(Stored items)
++++++
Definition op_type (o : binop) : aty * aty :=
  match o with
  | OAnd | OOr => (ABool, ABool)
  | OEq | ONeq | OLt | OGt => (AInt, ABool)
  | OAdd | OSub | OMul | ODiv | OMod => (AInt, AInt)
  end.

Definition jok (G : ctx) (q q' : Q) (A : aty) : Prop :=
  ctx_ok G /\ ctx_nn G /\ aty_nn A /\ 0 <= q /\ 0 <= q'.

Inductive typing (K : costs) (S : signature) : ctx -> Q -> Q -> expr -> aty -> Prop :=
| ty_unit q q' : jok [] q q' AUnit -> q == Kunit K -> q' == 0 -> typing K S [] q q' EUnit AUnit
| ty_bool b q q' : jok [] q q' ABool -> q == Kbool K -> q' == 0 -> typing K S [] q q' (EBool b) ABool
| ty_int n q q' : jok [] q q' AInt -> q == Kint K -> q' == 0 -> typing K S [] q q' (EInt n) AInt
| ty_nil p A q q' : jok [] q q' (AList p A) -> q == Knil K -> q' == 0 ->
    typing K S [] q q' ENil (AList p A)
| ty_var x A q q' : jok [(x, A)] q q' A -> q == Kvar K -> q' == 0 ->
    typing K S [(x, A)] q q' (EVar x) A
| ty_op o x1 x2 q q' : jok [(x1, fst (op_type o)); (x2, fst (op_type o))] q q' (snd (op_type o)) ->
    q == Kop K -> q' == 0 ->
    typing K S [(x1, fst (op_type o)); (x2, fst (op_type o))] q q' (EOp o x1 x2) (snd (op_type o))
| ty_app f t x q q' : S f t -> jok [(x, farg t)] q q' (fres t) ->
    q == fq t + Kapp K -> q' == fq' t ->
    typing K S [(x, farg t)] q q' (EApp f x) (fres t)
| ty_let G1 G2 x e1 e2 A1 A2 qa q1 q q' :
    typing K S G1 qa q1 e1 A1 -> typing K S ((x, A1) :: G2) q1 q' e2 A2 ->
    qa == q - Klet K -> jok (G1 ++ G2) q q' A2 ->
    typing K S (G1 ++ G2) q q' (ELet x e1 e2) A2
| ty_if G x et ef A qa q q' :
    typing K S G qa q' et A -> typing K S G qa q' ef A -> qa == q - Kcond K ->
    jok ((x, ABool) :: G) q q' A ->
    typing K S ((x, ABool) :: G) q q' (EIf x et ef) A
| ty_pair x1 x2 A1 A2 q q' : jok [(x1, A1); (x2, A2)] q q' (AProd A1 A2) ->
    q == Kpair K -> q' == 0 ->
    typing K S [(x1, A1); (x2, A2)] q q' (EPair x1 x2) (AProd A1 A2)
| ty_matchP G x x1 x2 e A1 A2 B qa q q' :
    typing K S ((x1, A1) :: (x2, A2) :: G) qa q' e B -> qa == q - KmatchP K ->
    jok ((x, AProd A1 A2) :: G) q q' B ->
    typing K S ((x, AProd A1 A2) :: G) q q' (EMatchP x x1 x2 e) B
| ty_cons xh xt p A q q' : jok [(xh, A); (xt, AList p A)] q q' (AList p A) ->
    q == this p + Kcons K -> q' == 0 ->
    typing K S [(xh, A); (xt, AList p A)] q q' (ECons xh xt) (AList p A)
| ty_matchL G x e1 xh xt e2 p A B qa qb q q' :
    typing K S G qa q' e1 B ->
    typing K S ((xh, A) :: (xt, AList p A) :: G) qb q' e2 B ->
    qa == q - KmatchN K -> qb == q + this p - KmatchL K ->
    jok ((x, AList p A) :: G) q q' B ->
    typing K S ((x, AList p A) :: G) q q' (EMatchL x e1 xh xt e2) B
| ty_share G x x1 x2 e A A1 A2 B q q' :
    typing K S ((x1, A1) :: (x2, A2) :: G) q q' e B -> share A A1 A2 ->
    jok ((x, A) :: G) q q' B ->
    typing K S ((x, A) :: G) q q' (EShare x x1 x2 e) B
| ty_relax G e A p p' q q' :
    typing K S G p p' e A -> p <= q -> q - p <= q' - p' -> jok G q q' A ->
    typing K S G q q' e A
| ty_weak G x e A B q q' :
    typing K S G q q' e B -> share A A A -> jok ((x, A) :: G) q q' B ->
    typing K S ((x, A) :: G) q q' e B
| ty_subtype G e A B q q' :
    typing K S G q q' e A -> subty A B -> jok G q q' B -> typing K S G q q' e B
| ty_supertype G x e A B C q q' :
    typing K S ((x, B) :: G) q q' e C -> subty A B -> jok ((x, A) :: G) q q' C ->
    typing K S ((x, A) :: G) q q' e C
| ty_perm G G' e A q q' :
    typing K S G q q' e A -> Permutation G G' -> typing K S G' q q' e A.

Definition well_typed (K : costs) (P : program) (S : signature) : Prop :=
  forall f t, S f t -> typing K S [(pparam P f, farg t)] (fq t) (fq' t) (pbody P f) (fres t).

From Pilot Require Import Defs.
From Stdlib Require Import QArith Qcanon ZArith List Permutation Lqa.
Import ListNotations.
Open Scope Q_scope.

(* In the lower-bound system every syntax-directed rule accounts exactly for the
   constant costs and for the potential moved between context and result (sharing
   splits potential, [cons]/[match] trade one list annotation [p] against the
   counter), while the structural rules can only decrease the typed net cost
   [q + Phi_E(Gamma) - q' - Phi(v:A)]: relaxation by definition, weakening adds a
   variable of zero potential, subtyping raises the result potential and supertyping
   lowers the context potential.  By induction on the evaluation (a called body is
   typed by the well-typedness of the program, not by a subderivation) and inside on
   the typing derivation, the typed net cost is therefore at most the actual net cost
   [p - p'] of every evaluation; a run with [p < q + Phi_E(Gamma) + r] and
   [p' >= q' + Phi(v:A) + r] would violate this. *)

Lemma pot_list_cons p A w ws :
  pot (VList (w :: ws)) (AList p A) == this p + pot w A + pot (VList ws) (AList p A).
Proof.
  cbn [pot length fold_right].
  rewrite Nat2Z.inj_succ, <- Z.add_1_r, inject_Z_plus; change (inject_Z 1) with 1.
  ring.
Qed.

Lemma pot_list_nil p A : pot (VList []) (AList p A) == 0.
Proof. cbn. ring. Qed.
++++++
## [EXERCISE REQUIREMENTS]
Reproduce exactly the section above that begins at the line containing "(fres t) ->" and ends at the line containing "(AProd A1 A2) ->", leaving out all other lines.

## [EXERCISE OUTPUT]
| ty_app f t x q q' : S f t -> jok [(x, farg t)] q q' (fres t) ->
    q == fq t + Kapp K -> q' == fq' t ->
    typing K S [(x, farg t)] q q' (EApp f x) (fres t)
| ty_let G1 G2 x e1 e2 A1 A2 qa q1 q q' :
    typing K S G1 qa q1 e1 A1 -> typing K S ((x, A1) :: G2) q1 q' e2 A2 ->
    qa == q - Klet K -> jok (G1 ++ G2) q q' A2 ->
    typing K S (G1 ++ G2) q q' (ELet x e1 e2) A2
| ty_if G x et ef A qa q q' :
    typing K S G qa q' et A -> typing K S G qa q' ef A -> qa == q - Kcond K ->
    jok ((x, ABool) :: G) q q' A ->
    typing K S ((x, ABool) :: G) q q' (EIf x et ef) A
| ty_pair x1 x2 A1 A2 q q' : jok [(x1, A1); (x2, A2)] q q' (AProd A1 A2) ->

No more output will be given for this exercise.